Taking time to acknowledge the people who helped me survive this felt important, like I was building something positive instead of just defending against threats.

Six weeks after the rooftop, Detective Hail called to say the DA had filed criminal charges against Liam for violating the restraining order.

The charges were based on his threatening messages after the hearing and the comment he made in the courthouse hallway that the baiff witnessed. It wasn’t attempted murder charges yet, but it was actual criminal consequences for his actions instead of just a civil order.

The DA was still building the assault case, gathering evidence and interviewing witnesses. But at least this showed they were taking it seriously. Each small step forward felt like progress, even when the bigger justice moved slowly.
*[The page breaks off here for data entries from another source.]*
Lemma continuous_eq_at_0 (f g : R -> R) :
  continuous f 0 -> continuous g 0 -> (forall x, 0 < x -> f x = g x) -> f 0 = g 0.
Proof.
  intros Hf Hg Heq.
  assert (Hle : filter_le (at_right 0) (locally 0))
    by (intros P HP; unfold at_right, within; apply filter_imp with P; auto).
  apply (filterlim_locally_unique (F := at_right 0) g).
  - apply (filterlim_ext_loc f g); [| now apply (filterlim_filter_le_1 f Hle)].
    exists (mkposreal 1 Rlt_0_1); intros y _ Hy; now apply Heq.
  - now apply (filterlim_filter_le_1 g Hle).
Qed.

Lemma ex_RInt_gen_Rplus (f g : R -> R) :
  ex_RInt_gen f (at_point 0) (Rbar_locally p_infty) ->
  ex_RInt_gen g (at_point 0) (Rbar_locally p_infty) ->
  ex_RInt_gen (fun x => f x + g x) (at_point 0) (Rbar_locally p_infty).
Proof.
  intros [lf Hf] [lg Hg]; exists (plus lf lg).
  now apply (is_RInt_gen_plus (V := R_NormedModule)).
Qed.

(** * The decaying solution and its translates *)

Definition exp_decay (k : R) (w : R -> R) : Prop :=
  (forall x, continuous w x) /\
  exists C X, forall x, X <= x -> Rabs (w x) <= C * exp (- (k * x)).

Lemma continuous_scal_shift (w : R -> R) (c s x : R) :
  continuous w (x + s) -> continuous (fun t => c * w (t + s)) x.
Proof.
  intros Hw.
  apply (continuous_mult (K := R_AbsRing) (fun _ => c)); [apply continuous_const |].
  apply (continuous_comp (fun t => t + s) w x); auto.
  apply (continuous_plus (K := R_AbsRing) (V := R_NormedModule) (fun t => t) (fun _ => s)).
  - apply continuous_id.
  - apply continuous_const.
Qed.

Lemma is_derive_shift (w : R -> R) (s x d : R) :
  is_derive w (x + s) d -> is_derive (fun t => w (t + s)) x d.
Proof.
  intros Hw; replace d with (1 * d) by ring.
  apply (is_derive_comp w (fun t => t + s) x d 1 Hw); auto_derive; auto; ring.
Qed.

Lemma is_derive_scal_shift (w : R -> R) (c s x d : R) :
  is_derive w (x + s) d -> is_derive (fun t => c * w (t + s)) x (c * d).
Proof. intros Hw; now apply is_derive_scal, is_derive_shift. Qed.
Mariana and I met for coffee at a quiet place outside both our neighborhoods, comparing safety strategies and swapping tips about staying alert without becoming paranoid.

She told me about her life 3 years after leaving Liam. How she still checked her rearview mirror constantly and avoided certain parts of town, but she was also working a job she loved and dating someone kind who respected her boundaries.

Seeing her functional and happy gave me hope that I could get there, too. That this wouldn’t define my entire life forever.

We agreed to check in monthly, creating our own support system for people who understood what it meant to survive him. I moved into my new apartment the following week.

Lucy helping me carry boxes up four flights of stairs because the elevator was broken. We installed extra locks and set up the security camera I’d bought, testing it from different angles until we were satisfied it covered the whole entrance.

On a quiet Tuesday evening 2 weeks later, I was sitting on my couch eating leftover pasta and watching a cooking show when I realized something had changed. I’d slept through the whole night before without waking up at every small sound.

I’d gone to the grocery store that afternoon without spending the entire time scanning faces for Liam. I was still alert and careful, still checking my locks twice before bed and keeping my phone charged and nearby.

But I was also eating dinner and watching TV and making plans for the weekend. I was living my life instead of just surviving minute to minute, building something new instead of just defending what remained.